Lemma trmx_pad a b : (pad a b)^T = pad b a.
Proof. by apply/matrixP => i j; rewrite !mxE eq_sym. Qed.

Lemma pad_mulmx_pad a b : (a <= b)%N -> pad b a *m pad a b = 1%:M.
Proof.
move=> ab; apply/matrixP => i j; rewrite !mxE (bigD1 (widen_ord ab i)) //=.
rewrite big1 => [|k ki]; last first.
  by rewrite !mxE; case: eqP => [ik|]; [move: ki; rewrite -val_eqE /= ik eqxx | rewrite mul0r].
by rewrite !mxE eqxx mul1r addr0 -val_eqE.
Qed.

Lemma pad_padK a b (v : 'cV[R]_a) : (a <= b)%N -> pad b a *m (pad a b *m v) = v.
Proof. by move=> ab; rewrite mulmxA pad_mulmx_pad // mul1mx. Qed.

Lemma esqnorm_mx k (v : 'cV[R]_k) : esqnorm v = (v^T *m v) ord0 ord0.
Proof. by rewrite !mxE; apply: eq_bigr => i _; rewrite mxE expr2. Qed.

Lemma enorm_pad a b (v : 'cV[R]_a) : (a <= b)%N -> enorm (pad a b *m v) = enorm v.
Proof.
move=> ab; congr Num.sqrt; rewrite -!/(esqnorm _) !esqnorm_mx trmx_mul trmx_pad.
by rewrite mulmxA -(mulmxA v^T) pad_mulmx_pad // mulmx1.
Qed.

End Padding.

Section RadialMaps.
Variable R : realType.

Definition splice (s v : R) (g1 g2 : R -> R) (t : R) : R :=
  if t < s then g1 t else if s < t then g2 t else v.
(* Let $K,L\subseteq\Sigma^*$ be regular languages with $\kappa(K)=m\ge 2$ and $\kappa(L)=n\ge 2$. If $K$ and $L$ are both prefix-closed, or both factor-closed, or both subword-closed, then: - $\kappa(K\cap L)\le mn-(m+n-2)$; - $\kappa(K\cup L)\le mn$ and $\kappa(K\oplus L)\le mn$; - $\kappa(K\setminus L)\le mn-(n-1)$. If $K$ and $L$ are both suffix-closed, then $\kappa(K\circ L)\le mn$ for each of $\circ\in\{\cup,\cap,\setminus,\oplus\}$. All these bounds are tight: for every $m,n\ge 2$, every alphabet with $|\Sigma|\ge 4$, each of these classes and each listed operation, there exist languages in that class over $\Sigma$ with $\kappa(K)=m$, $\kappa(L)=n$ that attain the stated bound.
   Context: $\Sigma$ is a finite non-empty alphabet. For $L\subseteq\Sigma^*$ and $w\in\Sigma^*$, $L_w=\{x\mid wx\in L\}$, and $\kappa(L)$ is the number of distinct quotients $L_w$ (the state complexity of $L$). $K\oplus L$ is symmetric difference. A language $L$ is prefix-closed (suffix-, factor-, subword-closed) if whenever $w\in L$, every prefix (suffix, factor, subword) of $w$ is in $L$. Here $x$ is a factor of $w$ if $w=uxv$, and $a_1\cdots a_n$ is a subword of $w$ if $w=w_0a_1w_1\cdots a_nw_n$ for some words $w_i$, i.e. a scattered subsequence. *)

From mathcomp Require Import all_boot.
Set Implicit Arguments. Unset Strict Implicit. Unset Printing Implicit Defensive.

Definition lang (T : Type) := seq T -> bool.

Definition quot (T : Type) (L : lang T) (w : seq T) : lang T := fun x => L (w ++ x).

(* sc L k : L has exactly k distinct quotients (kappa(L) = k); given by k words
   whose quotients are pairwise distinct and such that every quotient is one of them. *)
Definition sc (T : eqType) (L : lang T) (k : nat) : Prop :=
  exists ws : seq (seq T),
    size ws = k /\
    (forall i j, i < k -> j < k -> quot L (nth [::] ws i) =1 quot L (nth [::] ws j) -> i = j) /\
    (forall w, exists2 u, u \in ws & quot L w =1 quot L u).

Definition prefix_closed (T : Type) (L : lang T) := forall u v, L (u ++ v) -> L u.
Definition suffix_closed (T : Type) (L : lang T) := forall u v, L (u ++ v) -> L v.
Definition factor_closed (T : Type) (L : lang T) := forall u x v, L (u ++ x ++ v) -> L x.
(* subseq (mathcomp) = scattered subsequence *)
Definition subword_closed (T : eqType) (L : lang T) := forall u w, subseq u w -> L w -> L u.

⁂

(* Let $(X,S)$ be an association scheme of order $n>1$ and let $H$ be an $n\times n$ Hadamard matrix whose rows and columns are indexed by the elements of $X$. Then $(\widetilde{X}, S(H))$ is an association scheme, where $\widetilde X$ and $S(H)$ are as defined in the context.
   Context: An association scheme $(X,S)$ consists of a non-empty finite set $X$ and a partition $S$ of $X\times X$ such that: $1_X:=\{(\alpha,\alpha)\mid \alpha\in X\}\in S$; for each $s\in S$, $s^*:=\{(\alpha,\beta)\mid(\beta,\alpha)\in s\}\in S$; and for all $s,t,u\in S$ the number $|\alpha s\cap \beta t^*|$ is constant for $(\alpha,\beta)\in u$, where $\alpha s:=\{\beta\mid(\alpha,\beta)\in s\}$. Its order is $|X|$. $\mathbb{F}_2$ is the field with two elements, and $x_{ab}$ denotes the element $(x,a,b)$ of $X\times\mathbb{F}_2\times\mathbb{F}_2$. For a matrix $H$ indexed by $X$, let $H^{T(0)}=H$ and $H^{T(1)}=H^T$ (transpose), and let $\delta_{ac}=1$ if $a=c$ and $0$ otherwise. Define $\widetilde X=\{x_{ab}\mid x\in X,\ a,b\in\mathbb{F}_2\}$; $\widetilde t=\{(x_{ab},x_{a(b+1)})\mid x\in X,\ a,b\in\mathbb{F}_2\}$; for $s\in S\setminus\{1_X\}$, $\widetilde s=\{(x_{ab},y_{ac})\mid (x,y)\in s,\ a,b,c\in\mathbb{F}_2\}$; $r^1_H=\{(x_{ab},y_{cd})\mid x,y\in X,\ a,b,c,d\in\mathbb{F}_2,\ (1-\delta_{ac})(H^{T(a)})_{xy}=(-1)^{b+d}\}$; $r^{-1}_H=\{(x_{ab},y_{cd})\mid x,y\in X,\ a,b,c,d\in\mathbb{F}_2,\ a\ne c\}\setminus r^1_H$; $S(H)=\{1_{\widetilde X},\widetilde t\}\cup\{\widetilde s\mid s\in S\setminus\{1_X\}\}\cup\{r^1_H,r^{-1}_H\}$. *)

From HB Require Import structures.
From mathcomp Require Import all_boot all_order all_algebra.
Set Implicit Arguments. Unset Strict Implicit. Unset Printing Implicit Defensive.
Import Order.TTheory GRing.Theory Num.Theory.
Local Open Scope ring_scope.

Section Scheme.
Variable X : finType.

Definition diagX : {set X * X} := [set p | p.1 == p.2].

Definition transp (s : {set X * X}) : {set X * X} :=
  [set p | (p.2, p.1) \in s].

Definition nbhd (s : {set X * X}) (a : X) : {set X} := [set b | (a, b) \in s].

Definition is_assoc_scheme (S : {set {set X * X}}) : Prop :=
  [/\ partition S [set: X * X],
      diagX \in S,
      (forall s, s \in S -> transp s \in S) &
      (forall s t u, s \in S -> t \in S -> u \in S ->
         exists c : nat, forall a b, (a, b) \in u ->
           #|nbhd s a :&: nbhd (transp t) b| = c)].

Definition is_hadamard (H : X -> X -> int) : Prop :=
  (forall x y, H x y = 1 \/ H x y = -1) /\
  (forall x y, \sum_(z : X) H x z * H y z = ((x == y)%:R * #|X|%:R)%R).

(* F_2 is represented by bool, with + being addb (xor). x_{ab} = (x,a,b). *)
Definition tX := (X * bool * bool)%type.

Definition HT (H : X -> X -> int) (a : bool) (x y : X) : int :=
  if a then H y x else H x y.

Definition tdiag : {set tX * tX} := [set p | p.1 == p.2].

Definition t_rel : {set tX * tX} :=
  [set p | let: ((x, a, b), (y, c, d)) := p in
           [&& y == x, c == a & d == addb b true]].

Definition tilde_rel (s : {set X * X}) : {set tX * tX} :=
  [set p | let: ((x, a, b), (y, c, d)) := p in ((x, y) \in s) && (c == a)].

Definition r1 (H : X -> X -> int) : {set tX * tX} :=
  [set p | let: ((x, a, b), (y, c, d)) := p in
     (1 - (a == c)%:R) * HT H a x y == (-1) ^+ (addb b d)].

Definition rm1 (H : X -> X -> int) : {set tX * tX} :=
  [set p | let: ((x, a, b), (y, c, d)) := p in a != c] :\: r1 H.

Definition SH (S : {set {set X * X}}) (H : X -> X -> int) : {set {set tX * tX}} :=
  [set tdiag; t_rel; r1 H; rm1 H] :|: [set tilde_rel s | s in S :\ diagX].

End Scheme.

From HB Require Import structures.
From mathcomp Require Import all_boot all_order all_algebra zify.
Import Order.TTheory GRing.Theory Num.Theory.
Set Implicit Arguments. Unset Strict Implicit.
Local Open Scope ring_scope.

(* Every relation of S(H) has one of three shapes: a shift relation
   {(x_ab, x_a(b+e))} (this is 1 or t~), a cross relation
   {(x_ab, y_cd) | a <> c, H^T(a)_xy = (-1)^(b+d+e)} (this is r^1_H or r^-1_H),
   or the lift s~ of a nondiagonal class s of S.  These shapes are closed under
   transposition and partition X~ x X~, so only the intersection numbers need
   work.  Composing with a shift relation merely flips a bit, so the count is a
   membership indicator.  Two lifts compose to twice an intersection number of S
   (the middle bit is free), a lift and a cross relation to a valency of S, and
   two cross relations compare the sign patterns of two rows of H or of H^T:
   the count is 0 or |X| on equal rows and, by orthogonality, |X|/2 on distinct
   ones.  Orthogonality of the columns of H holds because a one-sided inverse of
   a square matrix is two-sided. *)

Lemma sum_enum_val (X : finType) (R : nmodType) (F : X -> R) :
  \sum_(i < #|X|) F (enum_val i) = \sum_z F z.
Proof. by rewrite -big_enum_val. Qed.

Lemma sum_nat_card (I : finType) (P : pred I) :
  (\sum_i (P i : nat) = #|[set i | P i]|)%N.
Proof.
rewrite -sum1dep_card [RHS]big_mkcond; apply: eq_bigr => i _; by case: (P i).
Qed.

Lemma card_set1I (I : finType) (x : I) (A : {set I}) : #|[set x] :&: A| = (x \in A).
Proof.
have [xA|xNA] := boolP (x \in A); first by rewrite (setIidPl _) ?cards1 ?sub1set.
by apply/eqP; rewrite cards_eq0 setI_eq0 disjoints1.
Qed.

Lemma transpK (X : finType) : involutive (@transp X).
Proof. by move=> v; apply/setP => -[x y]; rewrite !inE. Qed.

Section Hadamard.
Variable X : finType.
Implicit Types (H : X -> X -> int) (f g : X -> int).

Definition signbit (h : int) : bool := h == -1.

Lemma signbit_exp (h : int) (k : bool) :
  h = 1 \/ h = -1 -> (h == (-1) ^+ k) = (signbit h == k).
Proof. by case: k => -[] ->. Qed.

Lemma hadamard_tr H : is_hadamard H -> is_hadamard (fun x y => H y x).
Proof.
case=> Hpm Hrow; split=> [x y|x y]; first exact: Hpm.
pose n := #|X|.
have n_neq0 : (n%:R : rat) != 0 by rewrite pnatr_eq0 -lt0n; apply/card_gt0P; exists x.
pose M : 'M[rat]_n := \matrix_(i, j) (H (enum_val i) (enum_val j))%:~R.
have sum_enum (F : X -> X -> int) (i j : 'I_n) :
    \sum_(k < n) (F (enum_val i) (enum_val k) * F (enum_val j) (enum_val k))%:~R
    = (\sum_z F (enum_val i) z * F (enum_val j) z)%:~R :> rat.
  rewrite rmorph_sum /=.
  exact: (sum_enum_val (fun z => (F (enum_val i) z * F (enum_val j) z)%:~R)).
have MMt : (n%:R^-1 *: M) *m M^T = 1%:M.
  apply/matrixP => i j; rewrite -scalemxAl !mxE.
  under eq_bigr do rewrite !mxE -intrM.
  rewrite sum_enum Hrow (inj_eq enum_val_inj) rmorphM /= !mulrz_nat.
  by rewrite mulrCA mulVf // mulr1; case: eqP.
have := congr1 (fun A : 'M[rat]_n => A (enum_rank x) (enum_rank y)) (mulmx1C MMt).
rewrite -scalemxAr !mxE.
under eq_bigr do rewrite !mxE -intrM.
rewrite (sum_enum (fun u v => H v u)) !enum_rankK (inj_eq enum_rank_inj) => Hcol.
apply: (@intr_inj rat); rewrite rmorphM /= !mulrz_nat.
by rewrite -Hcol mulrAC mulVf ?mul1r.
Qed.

⁂

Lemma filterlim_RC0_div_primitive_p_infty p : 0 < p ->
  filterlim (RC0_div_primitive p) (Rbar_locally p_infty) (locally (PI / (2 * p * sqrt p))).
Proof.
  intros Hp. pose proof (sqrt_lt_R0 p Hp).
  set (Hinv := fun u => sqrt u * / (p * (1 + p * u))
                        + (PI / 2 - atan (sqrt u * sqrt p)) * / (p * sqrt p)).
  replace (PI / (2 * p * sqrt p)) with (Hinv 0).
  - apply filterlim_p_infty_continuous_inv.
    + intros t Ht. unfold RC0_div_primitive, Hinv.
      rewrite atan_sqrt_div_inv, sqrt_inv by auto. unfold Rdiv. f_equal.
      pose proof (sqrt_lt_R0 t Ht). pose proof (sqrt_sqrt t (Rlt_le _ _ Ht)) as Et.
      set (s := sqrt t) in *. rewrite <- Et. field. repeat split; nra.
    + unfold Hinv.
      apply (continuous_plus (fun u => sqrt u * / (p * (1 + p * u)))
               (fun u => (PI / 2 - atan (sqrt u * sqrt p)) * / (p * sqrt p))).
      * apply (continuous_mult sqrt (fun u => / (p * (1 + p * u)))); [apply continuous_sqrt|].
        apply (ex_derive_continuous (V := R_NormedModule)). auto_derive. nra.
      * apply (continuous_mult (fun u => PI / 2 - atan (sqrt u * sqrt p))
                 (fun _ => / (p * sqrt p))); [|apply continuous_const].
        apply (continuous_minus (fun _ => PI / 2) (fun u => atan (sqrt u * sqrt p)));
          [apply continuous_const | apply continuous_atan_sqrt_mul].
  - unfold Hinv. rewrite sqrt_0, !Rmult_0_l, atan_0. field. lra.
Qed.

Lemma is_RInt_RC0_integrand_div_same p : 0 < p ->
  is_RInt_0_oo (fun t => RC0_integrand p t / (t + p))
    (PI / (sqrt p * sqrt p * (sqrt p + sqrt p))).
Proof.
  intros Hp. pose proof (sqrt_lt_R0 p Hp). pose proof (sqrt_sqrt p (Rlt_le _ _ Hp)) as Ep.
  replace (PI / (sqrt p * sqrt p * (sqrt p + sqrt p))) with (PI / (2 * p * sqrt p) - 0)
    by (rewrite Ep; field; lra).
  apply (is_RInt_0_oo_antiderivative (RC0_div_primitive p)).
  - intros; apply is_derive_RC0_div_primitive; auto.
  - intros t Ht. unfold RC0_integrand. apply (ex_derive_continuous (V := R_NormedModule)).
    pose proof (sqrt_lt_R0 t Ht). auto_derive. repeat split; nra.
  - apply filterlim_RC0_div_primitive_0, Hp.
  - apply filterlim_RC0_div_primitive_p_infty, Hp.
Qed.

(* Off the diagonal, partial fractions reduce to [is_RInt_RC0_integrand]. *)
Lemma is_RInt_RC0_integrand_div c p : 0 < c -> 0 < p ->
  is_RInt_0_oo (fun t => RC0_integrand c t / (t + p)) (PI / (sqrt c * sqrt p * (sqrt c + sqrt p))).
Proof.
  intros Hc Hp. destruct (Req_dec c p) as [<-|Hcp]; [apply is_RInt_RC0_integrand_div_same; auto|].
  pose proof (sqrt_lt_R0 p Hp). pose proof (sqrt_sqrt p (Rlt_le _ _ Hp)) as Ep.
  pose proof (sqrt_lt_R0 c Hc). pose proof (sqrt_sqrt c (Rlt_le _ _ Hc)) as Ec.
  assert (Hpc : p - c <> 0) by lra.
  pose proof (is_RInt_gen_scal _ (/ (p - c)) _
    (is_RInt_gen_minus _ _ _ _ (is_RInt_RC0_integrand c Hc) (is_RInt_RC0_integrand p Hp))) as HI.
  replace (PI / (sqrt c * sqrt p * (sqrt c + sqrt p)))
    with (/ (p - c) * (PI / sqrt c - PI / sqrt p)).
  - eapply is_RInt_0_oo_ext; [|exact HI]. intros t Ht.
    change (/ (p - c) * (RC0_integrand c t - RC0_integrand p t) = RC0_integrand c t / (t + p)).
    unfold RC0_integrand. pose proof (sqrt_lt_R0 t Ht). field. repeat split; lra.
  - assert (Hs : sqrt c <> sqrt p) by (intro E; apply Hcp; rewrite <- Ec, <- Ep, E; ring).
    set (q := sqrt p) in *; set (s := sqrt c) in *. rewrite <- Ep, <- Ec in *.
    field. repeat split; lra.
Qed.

⁂

WHAT YOU WILL DO – Look above for the line with "Lemma trmx_pad a b : (pad a b)^T = pad b a." and the line with "(* Let $K,L\subseteq\Sigma^*$". Write out those two lines and all the lines between them, exactly, and no others.

ANSWER TO THIS TASK –
Lemma trmx_pad a b : (pad a b)^T = pad b a.
Proof. by apply/matrixP => i j; rewrite !mxE eq_sym. Qed.

Lemma pad_mulmx_pad a b : (a <= b)%N -> pad b a *m pad a b = 1%:M.
Proof.
move=> ab; apply/matrixP => i j; rewrite !mxE (bigD1 (widen_ord ab i)) //=.
rewrite big1 => [|k ki]; last first.
  by rewrite !mxE; case: eqP => [ik|]; [move: ki; rewrite -val_eqE /= ik eqxx | rewrite mul0r].
by rewrite !mxE eqxx mul1r addr0 -val_eqE.
Qed.

Lemma pad_padK a b (v : 'cV[R]_a) : (a <= b)%N -> pad b a *m (pad a b *m v) = v.
Proof. by move=> ab; rewrite mulmxA pad_mulmx_pad // mul1mx. Qed.

Lemma esqnorm_mx k (v : 'cV[R]_k) : esqnorm v = (v^T *m v) ord0 ord0.
Proof. by rewrite !mxE; apply: eq_bigr => i _; rewrite mxE expr2. Qed.

Lemma enorm_pad a b (v : 'cV[R]_a) : (a <= b)%N -> enorm (pad a b *m v) = enorm v.
Proof.
move=> ab; congr Num.sqrt; rewrite -!/(esqnorm _) !esqnorm_mx trmx_mul trmx_pad.
by rewrite mulmxA -(mulmxA v^T) pad_mulmx_pad // mulmx1.
Qed.

End Padding.

Section RadialMaps.
Variable R : realType.

Definition splice (s v : R) (g1 g2 : R -> R) (t : R) : R :=
  if t < s then g1 t else if s < t then g2 t else v.
(* Let $K,L\subseteq\Sigma^*$ be regular languages with $\kappa(K)=m\ge 2$ and $\kappa(L)=n\ge 2$. If $K$ and $L$ are both prefix-closed, or both factor-closed, or both subword-closed, then: - $\kappa(K\cap L)\le mn-(m+n-2)$; - $\kappa(K\cup L)\le mn$ and $\kappa(K\oplus L)\le mn$; - $\kappa(K\setminus L)\le mn-(n-1)$. If $K$ and $L$ are both suffix-closed, then $\kappa(K\circ L)\le mn$ for each of $\circ\in\{\cup,\cap,\setminus,\oplus\}$. All these bounds are tight: for every $m,n\ge 2$, every alphabet with $|\Sigma|\ge 4$, each of these classes and each listed operation, there exist languages in that class over $\Sigma$ with $\kappa(K)=m$, $\kappa(L)=n$ that attain the stated bound.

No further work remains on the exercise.